*Material supplied*.
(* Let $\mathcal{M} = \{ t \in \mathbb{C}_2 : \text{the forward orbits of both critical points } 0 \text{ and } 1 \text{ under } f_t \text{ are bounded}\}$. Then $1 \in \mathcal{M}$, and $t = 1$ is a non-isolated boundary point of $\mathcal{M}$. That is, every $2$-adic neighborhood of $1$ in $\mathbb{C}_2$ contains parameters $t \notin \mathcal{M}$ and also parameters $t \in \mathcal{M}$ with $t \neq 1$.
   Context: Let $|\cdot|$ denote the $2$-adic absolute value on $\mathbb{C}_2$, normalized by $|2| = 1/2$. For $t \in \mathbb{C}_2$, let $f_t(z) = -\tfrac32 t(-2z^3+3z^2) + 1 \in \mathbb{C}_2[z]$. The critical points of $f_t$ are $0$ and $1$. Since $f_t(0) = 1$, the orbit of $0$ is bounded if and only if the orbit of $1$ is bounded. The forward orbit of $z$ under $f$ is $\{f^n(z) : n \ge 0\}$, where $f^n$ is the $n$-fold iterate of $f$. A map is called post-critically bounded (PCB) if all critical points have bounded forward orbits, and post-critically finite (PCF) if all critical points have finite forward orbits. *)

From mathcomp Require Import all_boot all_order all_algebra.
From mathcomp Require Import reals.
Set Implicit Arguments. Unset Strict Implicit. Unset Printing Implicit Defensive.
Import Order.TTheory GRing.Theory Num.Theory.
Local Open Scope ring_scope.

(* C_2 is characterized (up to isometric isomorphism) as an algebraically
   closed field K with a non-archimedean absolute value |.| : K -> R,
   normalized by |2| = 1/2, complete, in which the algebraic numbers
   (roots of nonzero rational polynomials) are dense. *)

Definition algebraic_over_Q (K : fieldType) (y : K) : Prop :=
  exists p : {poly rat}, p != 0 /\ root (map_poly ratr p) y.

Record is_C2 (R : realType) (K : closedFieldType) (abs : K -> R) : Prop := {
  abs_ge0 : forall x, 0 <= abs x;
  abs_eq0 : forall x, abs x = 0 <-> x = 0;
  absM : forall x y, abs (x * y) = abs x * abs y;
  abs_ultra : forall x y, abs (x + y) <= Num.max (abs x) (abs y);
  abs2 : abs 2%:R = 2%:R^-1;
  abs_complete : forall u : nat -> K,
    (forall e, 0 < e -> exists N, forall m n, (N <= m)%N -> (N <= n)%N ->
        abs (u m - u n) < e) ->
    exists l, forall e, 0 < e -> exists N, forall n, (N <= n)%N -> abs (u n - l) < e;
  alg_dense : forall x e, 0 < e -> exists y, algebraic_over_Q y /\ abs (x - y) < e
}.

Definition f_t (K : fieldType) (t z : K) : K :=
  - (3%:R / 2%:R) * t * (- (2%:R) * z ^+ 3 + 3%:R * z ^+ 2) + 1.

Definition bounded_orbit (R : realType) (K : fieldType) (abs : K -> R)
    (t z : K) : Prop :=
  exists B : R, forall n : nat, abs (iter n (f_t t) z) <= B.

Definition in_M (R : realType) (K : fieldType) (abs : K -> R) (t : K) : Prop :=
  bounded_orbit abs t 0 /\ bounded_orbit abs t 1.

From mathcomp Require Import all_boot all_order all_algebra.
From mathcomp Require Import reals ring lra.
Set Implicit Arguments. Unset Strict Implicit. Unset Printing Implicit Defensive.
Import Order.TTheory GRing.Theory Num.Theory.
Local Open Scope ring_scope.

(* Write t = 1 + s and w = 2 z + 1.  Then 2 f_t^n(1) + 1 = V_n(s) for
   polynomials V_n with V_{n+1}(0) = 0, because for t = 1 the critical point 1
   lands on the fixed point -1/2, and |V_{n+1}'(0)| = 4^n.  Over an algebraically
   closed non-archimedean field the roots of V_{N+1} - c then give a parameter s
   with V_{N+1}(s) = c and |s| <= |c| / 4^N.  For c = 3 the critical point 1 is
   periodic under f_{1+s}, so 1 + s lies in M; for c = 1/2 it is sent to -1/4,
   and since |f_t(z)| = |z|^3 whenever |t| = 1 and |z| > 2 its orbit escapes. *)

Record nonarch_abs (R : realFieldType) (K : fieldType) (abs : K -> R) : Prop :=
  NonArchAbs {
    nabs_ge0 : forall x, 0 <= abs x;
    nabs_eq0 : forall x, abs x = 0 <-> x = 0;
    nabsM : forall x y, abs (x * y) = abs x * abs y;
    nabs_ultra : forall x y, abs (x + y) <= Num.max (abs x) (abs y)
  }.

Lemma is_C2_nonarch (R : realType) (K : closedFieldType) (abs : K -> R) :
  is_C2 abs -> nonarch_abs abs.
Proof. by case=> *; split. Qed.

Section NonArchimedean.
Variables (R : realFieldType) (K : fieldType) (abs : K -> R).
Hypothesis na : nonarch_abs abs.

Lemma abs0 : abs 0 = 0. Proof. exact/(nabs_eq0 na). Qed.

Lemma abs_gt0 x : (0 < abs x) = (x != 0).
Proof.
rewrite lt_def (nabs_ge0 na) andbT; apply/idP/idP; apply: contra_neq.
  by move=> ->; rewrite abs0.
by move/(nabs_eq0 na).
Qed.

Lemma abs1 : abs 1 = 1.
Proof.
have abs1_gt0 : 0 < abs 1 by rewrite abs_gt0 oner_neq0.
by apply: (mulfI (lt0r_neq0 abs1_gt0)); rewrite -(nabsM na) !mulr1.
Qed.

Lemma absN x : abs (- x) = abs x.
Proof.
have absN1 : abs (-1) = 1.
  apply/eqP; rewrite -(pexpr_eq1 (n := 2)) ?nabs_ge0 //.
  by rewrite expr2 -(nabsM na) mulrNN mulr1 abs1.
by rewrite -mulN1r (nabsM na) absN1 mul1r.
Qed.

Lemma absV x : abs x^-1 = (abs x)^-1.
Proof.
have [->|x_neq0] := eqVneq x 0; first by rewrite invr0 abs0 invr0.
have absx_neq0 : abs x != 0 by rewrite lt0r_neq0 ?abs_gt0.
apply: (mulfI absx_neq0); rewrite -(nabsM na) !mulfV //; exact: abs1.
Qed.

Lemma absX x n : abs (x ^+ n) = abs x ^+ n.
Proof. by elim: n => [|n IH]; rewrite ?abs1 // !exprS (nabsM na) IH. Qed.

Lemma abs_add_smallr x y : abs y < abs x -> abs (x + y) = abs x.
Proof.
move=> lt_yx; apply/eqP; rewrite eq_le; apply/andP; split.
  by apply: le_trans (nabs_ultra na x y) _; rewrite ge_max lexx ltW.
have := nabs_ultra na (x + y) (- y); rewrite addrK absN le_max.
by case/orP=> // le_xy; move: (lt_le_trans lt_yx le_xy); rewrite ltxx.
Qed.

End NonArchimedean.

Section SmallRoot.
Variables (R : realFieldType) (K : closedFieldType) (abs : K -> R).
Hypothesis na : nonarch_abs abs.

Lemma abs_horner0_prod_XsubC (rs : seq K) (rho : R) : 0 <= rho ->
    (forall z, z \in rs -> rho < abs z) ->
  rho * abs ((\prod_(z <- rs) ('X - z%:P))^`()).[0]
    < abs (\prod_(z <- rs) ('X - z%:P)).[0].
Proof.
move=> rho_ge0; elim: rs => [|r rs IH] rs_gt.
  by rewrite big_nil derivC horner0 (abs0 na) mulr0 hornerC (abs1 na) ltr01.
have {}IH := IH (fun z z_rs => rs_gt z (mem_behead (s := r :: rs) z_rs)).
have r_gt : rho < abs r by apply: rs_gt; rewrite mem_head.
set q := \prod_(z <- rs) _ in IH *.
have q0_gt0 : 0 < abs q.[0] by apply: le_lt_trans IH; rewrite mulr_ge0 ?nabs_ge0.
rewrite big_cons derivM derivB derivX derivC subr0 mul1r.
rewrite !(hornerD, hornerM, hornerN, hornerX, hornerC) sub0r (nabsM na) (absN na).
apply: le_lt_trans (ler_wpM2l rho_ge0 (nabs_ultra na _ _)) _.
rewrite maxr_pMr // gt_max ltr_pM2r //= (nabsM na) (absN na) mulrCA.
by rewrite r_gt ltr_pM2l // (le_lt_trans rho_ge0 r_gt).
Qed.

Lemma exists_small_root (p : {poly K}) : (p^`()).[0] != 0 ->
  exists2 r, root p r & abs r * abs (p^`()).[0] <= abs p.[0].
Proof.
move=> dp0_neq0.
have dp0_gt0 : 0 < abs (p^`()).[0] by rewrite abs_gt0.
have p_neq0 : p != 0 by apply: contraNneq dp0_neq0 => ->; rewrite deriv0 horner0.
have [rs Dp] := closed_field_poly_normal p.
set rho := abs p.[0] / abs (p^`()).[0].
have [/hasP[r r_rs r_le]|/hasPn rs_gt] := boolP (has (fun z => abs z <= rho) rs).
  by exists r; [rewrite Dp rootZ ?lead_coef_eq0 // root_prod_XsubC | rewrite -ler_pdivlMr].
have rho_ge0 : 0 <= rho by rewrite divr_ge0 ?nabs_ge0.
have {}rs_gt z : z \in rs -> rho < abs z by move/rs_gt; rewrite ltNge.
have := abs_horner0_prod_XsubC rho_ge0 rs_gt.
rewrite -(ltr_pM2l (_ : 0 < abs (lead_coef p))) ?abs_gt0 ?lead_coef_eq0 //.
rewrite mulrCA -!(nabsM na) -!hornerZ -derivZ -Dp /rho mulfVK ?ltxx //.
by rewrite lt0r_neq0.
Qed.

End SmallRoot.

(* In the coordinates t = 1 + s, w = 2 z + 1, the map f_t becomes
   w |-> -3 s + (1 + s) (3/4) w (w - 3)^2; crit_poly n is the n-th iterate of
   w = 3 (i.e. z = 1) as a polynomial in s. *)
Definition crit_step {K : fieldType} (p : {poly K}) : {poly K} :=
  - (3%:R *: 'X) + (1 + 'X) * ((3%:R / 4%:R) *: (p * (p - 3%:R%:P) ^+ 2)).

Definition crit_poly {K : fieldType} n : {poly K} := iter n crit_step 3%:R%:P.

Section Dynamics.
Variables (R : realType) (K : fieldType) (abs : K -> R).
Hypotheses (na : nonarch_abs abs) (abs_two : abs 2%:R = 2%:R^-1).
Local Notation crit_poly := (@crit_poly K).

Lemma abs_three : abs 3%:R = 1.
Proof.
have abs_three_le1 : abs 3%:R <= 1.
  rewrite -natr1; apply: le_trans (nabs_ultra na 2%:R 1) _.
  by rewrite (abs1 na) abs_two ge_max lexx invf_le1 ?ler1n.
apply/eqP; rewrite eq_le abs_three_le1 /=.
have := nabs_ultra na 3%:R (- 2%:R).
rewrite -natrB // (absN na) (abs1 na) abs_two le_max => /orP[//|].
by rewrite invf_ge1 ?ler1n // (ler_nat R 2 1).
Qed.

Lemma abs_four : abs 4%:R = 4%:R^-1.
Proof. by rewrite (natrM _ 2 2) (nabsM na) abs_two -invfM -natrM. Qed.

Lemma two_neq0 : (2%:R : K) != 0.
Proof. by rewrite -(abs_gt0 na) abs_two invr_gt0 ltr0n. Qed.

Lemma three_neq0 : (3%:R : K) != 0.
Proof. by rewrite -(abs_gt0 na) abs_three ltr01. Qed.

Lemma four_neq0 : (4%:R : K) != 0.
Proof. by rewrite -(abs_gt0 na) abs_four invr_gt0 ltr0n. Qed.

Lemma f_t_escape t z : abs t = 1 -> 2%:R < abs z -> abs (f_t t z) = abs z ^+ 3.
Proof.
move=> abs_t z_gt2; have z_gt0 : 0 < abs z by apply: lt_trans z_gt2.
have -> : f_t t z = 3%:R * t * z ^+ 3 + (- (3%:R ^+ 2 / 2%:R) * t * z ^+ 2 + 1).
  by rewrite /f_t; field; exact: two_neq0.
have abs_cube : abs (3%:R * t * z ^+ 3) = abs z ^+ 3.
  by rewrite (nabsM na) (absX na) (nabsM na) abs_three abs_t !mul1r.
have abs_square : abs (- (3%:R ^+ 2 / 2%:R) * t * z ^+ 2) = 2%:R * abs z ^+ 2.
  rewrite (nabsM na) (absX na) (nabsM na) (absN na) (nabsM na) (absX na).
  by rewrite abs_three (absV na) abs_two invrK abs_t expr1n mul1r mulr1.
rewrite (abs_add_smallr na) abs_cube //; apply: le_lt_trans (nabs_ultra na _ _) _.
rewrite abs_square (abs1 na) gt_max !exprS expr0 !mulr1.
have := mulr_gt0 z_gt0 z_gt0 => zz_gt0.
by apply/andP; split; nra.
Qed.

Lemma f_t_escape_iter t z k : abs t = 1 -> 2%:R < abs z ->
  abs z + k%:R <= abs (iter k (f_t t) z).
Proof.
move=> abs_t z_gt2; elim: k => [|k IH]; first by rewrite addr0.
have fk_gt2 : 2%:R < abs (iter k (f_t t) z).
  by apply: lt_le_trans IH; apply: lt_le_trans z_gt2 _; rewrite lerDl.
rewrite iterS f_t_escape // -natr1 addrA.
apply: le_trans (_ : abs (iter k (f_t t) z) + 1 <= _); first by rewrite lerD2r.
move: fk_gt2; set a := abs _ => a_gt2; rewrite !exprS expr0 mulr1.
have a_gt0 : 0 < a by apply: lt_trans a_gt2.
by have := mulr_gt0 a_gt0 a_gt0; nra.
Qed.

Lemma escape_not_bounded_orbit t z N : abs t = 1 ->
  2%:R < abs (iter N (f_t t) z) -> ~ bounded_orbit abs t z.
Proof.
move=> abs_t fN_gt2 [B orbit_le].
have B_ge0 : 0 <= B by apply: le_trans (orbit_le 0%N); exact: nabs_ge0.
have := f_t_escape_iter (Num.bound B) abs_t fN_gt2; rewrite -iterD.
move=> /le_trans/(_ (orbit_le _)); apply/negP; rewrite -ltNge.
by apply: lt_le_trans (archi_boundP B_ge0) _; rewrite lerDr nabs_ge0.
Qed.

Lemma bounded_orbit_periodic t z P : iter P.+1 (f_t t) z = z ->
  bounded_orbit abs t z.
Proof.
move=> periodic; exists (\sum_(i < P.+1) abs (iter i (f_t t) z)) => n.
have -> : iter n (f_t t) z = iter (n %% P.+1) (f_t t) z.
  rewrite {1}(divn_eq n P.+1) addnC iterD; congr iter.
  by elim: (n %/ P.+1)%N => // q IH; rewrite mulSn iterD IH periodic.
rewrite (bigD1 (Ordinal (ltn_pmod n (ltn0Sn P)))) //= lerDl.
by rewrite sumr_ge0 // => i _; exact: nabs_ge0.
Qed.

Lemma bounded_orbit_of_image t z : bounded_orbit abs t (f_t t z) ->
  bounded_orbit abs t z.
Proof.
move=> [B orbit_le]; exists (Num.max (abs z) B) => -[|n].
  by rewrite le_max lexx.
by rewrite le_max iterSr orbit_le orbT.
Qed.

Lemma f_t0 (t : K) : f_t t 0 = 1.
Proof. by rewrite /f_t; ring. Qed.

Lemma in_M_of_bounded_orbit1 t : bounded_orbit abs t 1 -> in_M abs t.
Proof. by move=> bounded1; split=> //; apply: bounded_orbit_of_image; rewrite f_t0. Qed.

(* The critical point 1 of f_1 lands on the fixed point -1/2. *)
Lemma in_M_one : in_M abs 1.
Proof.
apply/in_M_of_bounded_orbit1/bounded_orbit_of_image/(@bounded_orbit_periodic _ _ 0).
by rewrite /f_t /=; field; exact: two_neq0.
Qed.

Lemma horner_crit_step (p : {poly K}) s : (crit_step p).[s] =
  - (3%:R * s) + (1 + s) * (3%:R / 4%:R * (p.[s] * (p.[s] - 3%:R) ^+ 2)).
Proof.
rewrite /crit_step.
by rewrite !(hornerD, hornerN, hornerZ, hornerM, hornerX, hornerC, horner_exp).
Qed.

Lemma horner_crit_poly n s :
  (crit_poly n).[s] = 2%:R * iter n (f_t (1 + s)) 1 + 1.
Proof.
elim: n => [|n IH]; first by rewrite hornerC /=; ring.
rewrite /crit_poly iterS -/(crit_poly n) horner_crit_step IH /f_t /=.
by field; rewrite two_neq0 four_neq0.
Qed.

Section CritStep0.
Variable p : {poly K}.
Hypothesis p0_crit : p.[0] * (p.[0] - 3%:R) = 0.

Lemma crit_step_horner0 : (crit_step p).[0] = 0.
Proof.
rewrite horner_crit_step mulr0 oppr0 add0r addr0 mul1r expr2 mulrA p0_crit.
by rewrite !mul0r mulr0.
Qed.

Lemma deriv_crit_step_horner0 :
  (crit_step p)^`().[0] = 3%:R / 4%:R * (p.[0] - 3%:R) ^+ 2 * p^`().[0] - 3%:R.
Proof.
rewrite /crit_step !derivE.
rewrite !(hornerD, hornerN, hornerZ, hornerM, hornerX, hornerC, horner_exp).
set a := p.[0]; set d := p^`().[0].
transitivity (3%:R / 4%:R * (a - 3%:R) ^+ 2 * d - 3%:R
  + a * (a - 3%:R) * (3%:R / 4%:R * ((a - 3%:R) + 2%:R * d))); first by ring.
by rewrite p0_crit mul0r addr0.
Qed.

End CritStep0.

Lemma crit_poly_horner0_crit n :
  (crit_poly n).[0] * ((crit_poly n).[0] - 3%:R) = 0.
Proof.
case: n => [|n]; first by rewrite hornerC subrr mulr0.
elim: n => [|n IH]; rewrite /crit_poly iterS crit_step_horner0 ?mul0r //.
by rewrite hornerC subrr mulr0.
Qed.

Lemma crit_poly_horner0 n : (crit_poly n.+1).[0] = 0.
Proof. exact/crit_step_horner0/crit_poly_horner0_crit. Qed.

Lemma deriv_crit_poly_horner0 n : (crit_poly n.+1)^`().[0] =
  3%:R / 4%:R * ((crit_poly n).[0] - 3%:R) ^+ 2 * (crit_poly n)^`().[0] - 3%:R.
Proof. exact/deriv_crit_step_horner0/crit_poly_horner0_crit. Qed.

*Work required*. From the records above, repeat exactly the lines from the one with "rewrite !(hornerD, hornerM, hornerN, hornerX, hornerC)" through the one with "have rho_ge0 : 0", both included.

*Answer to this exercise*.
rewrite !(hornerD, hornerM, hornerN, hornerX, hornerC) sub0r (nabsM na) (absN na).
apply: le_lt_trans (ler_wpM2l rho_ge0 (nabs_ultra na _ _)) _.
rewrite maxr_pMr // gt_max ltr_pM2r //= (nabsM na) (absN na) mulrCA.
by rewrite r_gt ltr_pM2l // (le_lt_trans rho_ge0 r_gt).
Qed.

Lemma exists_small_root (p : {poly K}) : (p^`()).[0] != 0 ->
  exists2 r, root p r & abs r * abs (p^`()).[0] <= abs p.[0].
Proof.
move=> dp0_neq0.
have dp0_gt0 : 0 < abs (p^`()).[0] by rewrite abs_gt0.
have p_neq0 : p != 0 by apply: contraNneq dp0_neq0 => ->; rewrite deriv0 horner0.
have [rs Dp] := closed_field_poly_normal p.
set rho := abs p.[0] / abs (p^`()).[0].
have [/hasP[r r_rs r_le]|/hasPn rs_gt] := boolP (has (fun z => abs z <= rho) rs).
  by exists r; [rewrite Dp rootZ ?lead_coef_eq0 // root_prod_XsubC | rewrite -ler_pdivlMr].
have rho_ge0 : 0 <= rho by rewrite divr_ge0 ?nabs_ge0.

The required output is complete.